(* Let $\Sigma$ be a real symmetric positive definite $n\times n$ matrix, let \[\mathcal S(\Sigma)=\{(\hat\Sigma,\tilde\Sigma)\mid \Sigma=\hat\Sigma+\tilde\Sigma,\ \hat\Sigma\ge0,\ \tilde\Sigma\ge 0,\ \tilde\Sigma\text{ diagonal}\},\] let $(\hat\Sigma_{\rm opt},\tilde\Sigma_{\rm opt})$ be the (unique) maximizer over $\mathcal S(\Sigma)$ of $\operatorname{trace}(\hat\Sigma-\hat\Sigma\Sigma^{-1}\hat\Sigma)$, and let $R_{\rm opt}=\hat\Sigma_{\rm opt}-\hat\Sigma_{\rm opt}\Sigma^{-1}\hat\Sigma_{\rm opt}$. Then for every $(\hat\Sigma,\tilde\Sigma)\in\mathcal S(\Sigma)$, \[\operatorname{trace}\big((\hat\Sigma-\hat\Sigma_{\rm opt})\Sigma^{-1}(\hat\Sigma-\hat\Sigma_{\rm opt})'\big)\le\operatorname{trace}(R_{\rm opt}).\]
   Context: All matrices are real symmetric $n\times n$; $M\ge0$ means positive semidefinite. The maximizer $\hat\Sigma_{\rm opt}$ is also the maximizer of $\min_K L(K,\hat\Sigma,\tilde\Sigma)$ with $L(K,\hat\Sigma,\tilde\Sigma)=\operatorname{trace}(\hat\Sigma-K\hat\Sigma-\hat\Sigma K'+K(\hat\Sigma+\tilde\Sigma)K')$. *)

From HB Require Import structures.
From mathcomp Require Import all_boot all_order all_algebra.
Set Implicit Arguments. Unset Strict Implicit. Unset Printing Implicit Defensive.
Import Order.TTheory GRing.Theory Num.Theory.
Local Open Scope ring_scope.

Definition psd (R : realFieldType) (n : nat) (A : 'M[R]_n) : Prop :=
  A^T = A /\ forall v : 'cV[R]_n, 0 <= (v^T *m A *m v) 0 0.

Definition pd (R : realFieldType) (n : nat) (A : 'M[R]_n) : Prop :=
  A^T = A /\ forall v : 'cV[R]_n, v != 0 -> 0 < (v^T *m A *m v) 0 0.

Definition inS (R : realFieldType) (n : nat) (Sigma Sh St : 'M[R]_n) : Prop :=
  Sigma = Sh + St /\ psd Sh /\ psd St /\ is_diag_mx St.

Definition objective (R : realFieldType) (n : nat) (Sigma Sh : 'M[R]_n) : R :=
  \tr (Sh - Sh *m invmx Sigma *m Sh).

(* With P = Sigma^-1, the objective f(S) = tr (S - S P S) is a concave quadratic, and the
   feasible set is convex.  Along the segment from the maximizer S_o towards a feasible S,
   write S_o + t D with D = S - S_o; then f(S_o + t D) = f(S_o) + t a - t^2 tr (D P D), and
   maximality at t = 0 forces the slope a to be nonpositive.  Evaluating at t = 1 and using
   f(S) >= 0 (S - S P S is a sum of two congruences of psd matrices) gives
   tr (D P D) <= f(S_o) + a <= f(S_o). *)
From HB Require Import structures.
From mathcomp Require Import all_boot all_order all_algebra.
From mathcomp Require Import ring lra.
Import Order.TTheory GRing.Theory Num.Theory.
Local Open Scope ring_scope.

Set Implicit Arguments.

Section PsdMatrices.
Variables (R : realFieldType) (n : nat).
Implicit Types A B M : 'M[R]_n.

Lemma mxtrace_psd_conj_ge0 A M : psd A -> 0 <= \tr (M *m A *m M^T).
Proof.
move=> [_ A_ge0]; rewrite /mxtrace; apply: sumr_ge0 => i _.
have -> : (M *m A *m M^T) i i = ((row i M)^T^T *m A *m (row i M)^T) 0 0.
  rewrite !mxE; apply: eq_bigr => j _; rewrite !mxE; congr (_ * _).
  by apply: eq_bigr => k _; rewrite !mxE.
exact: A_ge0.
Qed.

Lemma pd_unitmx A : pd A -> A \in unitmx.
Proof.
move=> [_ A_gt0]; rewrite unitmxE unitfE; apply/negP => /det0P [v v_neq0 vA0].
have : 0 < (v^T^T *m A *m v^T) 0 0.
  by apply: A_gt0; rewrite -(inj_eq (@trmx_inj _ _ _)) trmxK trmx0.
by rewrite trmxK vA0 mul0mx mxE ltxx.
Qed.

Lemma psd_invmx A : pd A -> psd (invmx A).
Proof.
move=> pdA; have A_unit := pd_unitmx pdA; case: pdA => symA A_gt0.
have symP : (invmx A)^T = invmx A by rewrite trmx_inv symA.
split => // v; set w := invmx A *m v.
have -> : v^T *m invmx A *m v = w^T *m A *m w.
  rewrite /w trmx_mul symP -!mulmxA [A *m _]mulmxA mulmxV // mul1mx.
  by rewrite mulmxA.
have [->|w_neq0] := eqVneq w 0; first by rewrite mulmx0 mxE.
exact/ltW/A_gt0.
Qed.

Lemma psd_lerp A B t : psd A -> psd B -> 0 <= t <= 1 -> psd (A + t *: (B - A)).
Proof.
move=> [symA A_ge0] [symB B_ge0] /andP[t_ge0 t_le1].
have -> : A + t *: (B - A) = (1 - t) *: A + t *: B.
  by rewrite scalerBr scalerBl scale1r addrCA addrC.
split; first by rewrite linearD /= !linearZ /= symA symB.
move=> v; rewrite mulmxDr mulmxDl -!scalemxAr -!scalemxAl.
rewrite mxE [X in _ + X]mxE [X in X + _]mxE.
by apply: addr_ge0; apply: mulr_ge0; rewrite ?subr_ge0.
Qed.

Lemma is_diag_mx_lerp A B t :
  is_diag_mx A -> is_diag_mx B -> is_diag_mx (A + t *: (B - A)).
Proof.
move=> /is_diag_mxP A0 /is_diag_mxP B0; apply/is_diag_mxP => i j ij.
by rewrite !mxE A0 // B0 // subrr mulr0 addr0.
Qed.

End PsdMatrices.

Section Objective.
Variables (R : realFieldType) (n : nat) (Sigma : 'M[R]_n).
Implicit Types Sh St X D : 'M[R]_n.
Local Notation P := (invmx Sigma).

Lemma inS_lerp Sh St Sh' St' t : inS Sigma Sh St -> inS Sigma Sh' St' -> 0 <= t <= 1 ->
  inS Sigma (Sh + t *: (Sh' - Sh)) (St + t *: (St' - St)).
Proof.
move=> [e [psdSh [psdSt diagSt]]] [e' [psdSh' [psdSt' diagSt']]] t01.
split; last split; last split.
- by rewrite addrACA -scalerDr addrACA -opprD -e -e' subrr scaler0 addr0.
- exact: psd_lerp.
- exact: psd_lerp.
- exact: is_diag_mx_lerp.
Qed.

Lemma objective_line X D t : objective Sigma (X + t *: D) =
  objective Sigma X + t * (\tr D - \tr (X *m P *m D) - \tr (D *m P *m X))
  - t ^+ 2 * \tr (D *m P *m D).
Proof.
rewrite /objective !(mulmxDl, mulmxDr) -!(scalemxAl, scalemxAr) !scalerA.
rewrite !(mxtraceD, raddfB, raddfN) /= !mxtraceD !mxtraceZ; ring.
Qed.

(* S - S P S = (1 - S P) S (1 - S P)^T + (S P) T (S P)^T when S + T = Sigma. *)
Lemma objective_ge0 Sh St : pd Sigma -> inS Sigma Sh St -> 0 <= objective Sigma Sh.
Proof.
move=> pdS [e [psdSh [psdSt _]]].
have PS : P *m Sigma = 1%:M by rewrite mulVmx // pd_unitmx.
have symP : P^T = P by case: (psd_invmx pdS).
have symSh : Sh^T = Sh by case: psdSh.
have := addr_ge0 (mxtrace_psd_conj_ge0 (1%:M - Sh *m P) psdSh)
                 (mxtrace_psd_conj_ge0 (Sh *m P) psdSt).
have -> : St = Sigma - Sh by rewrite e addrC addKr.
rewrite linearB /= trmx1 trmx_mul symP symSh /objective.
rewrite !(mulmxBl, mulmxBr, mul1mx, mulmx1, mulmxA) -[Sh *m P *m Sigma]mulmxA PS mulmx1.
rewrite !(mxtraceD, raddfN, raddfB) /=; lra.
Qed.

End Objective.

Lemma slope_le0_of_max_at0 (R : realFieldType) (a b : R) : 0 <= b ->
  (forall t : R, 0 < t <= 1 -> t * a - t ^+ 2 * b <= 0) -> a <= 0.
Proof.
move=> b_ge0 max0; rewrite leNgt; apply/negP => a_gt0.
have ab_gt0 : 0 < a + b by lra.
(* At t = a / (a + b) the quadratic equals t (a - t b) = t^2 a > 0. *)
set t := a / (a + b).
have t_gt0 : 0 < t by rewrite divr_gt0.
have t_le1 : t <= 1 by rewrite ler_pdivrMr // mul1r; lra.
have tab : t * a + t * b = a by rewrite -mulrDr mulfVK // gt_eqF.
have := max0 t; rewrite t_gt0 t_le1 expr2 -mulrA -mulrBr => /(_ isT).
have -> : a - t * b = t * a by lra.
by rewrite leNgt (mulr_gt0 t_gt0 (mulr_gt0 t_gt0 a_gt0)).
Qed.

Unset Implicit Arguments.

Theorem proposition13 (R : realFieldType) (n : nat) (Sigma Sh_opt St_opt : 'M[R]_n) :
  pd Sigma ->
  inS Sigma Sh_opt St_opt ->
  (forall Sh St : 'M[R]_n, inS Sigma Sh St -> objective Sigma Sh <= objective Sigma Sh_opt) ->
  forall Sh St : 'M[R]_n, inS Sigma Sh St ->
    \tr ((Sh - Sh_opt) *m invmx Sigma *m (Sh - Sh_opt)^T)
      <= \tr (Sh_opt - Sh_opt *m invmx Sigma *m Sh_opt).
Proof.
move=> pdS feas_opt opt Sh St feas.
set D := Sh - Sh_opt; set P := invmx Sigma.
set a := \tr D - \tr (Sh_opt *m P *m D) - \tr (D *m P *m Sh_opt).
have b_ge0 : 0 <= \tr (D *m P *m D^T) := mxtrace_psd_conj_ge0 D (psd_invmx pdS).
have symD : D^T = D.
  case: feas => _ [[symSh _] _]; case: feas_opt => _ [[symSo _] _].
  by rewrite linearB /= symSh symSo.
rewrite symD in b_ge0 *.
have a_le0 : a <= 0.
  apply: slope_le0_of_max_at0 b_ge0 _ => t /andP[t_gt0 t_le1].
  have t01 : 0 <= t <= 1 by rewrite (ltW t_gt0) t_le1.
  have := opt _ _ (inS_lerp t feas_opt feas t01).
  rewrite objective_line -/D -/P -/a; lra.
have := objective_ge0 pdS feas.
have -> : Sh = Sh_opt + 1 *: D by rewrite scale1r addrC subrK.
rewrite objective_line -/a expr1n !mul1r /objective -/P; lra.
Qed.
==
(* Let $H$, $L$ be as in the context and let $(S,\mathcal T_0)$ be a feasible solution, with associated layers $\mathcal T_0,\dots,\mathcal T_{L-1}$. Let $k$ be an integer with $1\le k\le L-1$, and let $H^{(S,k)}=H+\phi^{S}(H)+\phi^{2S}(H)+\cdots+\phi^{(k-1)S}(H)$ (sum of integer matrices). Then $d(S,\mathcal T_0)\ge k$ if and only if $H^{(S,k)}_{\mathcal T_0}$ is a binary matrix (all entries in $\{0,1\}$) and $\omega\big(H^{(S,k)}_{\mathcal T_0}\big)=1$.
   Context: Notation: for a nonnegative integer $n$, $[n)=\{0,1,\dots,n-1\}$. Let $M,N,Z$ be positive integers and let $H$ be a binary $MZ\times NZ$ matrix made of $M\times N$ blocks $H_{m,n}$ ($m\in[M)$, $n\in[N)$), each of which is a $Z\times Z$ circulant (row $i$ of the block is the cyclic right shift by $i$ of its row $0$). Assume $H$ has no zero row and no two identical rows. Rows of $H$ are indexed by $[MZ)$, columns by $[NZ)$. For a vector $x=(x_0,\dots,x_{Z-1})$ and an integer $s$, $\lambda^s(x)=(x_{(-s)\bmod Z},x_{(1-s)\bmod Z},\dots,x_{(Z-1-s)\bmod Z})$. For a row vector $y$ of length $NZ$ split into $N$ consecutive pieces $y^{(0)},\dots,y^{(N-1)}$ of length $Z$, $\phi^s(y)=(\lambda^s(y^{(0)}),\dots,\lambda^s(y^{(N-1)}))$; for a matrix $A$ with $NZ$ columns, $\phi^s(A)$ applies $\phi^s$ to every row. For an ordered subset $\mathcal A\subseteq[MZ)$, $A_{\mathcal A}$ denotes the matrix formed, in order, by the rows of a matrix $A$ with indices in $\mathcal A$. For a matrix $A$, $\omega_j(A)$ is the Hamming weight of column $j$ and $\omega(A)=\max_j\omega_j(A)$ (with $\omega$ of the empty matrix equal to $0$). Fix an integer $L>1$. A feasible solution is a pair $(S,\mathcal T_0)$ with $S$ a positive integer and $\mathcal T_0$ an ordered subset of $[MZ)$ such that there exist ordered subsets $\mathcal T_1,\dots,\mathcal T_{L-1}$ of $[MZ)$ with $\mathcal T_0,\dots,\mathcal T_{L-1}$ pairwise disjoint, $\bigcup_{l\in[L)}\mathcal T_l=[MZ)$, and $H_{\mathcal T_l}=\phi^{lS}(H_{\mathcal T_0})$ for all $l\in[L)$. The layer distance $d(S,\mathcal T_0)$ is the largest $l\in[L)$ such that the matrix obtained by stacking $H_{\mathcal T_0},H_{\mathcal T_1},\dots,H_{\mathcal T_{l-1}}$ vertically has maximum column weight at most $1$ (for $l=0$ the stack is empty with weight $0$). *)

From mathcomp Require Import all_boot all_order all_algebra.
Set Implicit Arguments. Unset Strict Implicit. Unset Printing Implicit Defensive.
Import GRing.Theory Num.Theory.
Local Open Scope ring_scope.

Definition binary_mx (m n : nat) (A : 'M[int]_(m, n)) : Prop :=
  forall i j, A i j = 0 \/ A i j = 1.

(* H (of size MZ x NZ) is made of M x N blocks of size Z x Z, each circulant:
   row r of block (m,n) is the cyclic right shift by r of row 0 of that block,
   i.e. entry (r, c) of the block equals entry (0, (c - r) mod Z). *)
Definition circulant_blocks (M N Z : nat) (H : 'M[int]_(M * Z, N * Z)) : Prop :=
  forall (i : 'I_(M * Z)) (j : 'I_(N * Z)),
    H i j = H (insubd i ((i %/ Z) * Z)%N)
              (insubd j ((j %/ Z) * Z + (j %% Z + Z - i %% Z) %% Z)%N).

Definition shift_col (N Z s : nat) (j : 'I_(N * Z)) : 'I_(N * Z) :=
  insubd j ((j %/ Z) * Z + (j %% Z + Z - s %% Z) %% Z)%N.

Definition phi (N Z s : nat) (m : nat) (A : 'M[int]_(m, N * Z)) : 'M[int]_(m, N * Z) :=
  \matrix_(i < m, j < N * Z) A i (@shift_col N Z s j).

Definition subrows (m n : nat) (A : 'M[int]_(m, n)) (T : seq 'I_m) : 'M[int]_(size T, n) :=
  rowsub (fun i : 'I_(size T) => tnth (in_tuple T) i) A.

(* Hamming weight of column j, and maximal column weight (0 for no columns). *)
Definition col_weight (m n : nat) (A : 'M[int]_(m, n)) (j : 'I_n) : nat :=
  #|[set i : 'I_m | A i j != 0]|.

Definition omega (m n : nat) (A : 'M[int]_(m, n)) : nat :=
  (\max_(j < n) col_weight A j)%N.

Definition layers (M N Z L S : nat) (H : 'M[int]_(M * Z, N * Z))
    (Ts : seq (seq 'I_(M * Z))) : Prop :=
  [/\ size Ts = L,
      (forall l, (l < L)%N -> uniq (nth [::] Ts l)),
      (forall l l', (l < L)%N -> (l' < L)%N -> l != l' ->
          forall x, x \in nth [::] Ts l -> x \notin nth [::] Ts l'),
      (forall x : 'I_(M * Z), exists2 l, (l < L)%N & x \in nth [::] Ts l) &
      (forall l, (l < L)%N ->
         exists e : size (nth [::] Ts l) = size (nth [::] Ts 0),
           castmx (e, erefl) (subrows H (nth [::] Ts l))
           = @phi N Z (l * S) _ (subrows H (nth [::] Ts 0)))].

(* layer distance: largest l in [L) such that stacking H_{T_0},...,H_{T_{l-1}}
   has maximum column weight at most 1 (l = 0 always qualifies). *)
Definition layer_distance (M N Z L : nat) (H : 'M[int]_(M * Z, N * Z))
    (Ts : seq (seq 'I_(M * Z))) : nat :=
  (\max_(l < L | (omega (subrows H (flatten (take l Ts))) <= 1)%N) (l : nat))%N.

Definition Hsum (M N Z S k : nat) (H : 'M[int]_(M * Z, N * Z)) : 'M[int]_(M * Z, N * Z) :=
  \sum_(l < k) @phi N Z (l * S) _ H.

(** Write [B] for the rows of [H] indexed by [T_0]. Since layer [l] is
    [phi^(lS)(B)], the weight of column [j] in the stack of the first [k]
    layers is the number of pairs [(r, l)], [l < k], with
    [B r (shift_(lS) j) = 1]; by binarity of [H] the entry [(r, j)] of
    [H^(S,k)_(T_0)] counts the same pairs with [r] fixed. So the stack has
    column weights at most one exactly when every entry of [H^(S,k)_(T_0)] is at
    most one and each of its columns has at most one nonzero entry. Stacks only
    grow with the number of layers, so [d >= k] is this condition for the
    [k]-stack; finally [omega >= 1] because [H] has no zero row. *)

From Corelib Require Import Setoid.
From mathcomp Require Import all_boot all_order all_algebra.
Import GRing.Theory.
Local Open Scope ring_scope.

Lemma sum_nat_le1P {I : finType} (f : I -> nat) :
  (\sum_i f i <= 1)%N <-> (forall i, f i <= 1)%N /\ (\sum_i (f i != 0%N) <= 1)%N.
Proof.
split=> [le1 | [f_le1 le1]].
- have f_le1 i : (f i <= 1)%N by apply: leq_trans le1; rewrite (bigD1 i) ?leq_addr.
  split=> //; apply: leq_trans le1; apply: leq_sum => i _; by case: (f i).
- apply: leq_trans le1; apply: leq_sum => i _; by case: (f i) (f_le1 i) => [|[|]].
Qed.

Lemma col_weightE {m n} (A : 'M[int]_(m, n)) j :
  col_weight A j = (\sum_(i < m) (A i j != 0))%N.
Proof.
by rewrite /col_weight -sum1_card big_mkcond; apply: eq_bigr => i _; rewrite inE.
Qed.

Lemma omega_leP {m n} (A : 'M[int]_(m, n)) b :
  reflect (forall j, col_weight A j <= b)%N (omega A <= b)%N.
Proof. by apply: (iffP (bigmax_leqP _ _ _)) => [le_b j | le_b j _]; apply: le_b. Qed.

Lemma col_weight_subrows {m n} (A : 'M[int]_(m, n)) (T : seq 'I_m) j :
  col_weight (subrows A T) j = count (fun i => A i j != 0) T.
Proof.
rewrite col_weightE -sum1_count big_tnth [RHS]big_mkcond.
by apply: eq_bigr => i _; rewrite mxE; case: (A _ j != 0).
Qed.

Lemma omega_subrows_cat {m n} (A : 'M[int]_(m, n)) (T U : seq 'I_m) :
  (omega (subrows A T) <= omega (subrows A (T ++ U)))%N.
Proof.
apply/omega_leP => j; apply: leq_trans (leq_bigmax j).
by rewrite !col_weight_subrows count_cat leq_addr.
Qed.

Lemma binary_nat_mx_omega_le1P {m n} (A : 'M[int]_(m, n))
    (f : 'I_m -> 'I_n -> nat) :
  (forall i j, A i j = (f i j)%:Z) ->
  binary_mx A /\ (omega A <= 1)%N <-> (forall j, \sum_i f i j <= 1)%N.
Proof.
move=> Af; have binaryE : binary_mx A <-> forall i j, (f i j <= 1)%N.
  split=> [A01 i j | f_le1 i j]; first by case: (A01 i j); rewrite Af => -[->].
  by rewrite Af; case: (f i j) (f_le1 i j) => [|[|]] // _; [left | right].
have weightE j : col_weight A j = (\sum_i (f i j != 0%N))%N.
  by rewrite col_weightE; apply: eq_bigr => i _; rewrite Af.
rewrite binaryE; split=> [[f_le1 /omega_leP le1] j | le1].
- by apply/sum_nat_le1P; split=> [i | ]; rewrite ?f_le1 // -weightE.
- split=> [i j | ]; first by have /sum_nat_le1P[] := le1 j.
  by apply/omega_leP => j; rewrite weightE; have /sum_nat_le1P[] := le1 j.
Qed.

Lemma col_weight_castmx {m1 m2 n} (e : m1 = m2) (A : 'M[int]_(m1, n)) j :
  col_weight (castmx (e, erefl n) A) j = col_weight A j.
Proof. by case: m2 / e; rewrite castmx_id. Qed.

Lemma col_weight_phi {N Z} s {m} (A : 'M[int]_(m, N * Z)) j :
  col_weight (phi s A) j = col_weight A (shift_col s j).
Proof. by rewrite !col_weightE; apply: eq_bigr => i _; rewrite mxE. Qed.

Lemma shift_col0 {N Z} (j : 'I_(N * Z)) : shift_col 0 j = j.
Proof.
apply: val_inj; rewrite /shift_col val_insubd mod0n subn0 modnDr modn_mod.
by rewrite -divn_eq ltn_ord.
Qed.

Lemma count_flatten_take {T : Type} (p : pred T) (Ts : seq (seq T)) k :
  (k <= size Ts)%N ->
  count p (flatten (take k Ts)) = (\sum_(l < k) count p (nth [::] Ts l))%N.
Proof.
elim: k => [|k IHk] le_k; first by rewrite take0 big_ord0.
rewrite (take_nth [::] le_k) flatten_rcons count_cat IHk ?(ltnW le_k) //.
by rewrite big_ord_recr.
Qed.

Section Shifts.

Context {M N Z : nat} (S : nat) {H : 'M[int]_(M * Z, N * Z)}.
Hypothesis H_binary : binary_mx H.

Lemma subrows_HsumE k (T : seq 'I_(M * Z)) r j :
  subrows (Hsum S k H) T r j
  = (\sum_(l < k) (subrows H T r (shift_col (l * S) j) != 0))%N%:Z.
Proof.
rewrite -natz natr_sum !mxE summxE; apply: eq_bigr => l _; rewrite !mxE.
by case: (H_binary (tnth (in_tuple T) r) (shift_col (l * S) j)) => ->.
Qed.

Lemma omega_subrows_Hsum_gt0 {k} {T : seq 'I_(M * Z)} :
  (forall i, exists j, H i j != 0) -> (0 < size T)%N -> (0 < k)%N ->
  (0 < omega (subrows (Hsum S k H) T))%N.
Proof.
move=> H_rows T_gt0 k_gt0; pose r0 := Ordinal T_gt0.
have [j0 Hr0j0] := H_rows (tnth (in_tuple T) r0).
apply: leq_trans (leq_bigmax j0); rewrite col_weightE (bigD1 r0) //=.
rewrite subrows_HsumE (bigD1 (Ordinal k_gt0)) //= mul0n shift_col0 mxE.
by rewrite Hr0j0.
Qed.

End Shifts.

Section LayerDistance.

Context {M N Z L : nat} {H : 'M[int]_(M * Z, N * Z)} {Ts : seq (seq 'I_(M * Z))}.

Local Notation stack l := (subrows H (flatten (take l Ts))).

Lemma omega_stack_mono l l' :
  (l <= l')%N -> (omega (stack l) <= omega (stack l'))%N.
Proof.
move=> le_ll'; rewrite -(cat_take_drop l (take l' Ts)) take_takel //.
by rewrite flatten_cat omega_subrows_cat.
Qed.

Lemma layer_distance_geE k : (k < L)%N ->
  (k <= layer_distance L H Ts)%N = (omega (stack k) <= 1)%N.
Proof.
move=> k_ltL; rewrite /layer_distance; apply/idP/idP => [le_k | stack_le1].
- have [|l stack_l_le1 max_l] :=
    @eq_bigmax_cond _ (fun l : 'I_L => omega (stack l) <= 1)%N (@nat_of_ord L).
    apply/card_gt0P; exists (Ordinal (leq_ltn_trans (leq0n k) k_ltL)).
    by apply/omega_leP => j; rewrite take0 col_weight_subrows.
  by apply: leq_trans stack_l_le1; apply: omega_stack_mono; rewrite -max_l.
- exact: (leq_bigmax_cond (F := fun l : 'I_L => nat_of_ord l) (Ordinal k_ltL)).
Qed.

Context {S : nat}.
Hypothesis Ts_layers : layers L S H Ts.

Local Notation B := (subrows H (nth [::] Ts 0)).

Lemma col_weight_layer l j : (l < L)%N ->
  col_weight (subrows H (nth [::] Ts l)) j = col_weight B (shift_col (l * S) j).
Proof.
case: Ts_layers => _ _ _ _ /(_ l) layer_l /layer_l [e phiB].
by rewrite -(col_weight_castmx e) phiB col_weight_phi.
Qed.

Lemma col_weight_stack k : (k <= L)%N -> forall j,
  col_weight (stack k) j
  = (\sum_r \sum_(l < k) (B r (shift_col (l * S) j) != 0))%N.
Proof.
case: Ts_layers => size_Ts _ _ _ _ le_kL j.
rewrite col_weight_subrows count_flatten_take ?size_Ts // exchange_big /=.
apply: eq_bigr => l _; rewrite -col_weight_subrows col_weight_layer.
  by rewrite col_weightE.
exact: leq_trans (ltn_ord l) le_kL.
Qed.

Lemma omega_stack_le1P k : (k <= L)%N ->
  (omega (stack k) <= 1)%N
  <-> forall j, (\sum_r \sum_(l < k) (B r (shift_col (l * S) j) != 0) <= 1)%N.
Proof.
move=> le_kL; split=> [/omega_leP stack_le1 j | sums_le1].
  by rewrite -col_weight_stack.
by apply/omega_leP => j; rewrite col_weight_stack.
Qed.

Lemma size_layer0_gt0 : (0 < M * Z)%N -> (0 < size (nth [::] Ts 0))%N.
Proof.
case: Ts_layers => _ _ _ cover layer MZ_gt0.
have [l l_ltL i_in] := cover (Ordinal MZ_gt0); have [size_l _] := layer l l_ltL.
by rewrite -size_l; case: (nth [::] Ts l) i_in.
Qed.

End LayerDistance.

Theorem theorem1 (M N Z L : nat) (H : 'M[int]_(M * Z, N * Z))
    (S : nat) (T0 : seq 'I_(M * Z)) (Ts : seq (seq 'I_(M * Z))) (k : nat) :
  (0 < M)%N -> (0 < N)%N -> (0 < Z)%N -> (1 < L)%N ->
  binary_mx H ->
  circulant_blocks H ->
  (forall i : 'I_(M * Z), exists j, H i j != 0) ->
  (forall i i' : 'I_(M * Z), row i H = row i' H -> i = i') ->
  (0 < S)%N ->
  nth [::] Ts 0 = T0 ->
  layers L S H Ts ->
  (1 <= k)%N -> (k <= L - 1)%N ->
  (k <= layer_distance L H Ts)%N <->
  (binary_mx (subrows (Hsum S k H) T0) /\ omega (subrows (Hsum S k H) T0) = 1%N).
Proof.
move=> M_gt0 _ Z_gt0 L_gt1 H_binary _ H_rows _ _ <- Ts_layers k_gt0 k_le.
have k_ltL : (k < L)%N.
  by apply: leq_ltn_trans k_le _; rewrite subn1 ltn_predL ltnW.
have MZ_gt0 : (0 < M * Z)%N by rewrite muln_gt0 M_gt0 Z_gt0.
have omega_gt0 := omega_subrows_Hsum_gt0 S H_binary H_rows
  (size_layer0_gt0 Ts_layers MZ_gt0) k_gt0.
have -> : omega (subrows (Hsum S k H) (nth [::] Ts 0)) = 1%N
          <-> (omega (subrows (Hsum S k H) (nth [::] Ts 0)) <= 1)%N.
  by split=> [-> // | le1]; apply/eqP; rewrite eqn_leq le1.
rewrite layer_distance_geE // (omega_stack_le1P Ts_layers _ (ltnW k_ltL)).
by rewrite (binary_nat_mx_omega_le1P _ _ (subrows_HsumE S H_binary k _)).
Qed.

**Prompt**
Copy out, exactly and alone, the lines of the entries above between the ones holding "feasible set is" and "tr (D P D) <= f(S_o) + a <= f(S_o). *)", inclusive.

**Solution to this task**
   feasible set is convex.  Along the segment from the maximizer S_o towards a feasible S,
   write S_o + t D with D = S - S_o; then f(S_o + t D) = f(S_o) + t a - t^2 tr (D P D), and
   maximality at t = 0 forces the slope a to be nonpositive.  Evaluating at t = 1 and using
   f(S) >= 0 (S - S P S is a sum of two congruences of psd matrices) gives
   tr (D P D) <= f(S_o) + a <= f(S_o). *)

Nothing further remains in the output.